### GIVEN RECORDS
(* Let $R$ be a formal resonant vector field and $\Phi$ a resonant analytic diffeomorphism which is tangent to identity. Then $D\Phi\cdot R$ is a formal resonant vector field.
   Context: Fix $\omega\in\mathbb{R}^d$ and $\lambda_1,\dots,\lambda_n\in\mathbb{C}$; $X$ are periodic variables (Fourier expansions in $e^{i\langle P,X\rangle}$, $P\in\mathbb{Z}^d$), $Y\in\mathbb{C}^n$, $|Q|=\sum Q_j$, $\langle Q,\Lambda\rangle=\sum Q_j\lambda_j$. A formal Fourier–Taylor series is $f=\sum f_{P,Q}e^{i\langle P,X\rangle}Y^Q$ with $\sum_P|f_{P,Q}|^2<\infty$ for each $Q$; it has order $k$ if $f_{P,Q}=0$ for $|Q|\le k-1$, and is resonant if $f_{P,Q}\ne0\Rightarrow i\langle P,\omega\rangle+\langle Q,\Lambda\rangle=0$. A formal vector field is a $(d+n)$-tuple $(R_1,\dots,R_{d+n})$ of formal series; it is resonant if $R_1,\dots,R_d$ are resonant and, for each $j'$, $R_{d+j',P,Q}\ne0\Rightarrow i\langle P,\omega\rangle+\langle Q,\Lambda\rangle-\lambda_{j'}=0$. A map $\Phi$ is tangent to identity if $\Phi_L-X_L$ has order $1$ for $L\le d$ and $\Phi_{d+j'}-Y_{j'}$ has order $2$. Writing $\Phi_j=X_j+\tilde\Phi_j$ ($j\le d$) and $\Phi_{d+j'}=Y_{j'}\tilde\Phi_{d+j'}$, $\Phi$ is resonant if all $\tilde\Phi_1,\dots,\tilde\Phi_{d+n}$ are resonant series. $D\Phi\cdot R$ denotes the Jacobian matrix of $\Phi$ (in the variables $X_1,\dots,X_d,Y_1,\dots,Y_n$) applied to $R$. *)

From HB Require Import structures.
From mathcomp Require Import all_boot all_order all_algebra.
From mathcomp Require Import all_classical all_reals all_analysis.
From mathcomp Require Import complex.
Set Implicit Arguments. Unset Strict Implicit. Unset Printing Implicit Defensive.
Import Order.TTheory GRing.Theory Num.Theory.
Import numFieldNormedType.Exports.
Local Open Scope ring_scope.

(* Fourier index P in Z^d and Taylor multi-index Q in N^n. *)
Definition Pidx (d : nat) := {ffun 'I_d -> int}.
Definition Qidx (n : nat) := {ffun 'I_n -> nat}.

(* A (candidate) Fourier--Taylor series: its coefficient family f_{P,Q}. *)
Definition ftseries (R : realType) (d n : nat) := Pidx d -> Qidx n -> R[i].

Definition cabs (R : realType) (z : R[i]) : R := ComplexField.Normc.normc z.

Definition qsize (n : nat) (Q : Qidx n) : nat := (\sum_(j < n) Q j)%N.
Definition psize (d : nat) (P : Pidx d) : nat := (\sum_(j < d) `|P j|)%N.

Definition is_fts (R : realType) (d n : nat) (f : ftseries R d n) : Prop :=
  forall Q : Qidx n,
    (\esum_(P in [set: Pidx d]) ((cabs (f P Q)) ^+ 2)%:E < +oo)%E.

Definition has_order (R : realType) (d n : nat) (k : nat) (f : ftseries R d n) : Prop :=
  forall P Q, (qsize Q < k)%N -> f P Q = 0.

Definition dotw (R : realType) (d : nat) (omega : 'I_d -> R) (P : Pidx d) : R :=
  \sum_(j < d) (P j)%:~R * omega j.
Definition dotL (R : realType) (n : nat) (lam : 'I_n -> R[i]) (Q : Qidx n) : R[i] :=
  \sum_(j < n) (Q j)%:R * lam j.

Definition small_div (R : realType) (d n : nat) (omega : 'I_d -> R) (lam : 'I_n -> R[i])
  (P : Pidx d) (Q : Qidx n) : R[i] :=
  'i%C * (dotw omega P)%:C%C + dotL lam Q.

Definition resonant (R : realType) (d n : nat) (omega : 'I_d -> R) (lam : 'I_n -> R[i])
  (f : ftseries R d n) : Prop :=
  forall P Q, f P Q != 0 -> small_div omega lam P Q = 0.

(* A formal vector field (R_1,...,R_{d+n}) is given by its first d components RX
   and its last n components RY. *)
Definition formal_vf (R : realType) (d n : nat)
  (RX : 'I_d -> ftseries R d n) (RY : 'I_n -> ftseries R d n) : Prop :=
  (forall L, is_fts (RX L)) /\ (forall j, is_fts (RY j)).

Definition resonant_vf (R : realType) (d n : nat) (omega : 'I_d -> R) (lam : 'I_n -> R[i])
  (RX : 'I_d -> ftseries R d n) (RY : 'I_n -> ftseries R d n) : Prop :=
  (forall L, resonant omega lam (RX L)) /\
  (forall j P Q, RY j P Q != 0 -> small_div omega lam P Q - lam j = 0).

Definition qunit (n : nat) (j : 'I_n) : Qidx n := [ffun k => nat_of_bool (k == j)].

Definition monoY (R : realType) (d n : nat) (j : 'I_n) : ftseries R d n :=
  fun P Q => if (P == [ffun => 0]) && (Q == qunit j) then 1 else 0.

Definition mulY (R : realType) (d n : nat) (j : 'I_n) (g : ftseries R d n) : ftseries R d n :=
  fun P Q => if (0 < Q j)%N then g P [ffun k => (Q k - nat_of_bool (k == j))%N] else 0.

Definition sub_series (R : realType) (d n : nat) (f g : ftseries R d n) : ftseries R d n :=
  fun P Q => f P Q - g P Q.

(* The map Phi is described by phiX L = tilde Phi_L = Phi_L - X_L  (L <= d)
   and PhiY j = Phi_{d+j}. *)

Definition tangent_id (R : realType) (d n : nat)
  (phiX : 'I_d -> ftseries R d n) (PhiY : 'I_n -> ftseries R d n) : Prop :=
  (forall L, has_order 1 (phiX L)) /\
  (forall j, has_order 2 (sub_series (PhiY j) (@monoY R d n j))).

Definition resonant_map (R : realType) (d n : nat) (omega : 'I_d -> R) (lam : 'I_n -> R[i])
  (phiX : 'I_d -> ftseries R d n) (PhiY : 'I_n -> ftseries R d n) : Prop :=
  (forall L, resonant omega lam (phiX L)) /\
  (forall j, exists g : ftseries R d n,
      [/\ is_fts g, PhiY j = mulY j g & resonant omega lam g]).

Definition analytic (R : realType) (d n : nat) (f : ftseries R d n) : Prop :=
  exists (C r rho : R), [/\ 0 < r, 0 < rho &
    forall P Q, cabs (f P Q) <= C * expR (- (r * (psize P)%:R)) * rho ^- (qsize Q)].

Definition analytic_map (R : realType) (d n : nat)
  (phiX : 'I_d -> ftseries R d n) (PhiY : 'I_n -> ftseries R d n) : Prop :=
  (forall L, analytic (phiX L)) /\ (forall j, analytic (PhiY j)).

---

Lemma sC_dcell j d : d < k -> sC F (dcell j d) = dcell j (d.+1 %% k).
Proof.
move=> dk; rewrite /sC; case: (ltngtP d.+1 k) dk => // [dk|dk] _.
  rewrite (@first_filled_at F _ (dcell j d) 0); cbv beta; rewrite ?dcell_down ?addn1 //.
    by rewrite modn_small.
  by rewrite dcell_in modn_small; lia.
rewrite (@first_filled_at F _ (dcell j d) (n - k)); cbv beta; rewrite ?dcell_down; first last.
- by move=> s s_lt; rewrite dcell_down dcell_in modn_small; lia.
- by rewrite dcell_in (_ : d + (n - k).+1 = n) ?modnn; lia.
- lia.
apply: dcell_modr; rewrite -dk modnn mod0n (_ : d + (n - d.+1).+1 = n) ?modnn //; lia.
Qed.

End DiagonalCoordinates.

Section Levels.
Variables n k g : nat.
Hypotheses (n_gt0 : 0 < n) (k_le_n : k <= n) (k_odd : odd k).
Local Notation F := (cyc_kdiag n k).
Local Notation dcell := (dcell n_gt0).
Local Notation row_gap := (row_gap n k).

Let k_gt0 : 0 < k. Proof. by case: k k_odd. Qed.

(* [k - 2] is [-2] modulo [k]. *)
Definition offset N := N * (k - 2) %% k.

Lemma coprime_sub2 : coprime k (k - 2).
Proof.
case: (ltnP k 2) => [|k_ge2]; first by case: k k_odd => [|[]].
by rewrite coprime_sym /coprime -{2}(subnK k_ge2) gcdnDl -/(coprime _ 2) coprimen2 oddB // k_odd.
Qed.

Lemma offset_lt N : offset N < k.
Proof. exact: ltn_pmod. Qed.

==

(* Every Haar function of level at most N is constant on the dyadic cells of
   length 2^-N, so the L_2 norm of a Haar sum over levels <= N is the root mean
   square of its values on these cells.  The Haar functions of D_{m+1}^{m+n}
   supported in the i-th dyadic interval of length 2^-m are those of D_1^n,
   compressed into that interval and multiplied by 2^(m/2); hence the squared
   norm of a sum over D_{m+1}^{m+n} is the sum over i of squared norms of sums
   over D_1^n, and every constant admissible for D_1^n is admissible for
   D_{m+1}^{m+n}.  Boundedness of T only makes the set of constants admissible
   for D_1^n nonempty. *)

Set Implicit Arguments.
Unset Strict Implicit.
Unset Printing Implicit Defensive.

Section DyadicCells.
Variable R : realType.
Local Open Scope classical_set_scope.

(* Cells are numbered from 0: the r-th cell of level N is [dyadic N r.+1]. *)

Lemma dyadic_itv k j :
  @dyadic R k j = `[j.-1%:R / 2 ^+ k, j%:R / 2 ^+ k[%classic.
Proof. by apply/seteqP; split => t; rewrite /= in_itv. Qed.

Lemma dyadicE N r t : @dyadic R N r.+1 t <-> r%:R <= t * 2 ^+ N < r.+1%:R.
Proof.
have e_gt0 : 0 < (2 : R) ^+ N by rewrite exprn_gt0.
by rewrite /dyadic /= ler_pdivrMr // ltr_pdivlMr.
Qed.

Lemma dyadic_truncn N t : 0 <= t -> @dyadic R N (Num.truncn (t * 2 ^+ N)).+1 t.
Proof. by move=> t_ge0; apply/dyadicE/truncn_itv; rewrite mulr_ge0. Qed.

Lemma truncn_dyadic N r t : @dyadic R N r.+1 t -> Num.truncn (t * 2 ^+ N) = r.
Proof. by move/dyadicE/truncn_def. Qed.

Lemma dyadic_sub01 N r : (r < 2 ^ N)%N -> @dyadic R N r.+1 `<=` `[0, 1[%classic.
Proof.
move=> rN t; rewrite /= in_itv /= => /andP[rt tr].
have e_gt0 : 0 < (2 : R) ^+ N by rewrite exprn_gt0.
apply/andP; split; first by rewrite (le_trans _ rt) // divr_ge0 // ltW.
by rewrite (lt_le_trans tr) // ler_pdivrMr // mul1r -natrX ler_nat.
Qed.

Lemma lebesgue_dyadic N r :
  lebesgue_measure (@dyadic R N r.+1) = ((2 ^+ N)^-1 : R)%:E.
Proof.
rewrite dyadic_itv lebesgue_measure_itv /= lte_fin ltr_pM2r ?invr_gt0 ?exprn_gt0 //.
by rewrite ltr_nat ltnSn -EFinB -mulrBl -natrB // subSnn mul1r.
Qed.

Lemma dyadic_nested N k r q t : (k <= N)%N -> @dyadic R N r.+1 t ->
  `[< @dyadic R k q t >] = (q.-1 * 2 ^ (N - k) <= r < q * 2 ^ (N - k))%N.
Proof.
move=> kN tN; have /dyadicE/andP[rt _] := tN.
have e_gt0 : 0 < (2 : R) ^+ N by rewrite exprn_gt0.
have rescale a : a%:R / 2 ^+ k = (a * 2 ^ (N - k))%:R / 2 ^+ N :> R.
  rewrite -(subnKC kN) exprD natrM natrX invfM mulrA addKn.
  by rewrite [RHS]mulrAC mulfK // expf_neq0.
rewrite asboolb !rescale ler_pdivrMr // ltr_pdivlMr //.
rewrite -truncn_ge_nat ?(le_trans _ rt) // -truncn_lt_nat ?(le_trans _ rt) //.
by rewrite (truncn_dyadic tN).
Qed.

### ACTIVITY
From the material above, copy each line that includes the word "ffun".

### RESULT OF THE TASK
Definition Pidx (d : nat) := {ffun 'I_d -> int}.
Definition Qidx (n : nat) := {ffun 'I_n -> nat}.
Definition qunit (n : nat) (j : 'I_n) : Qidx n := [ffun k => nat_of_bool (k == j)].
  fun P Q => if (P == [ffun => 0]) && (Q == qunit j) then 1 else 0.
  fun P Q => if (0 < Q j)%N then g P [ffun k => (Q k - nat_of_bool (k == j))%N] else 0.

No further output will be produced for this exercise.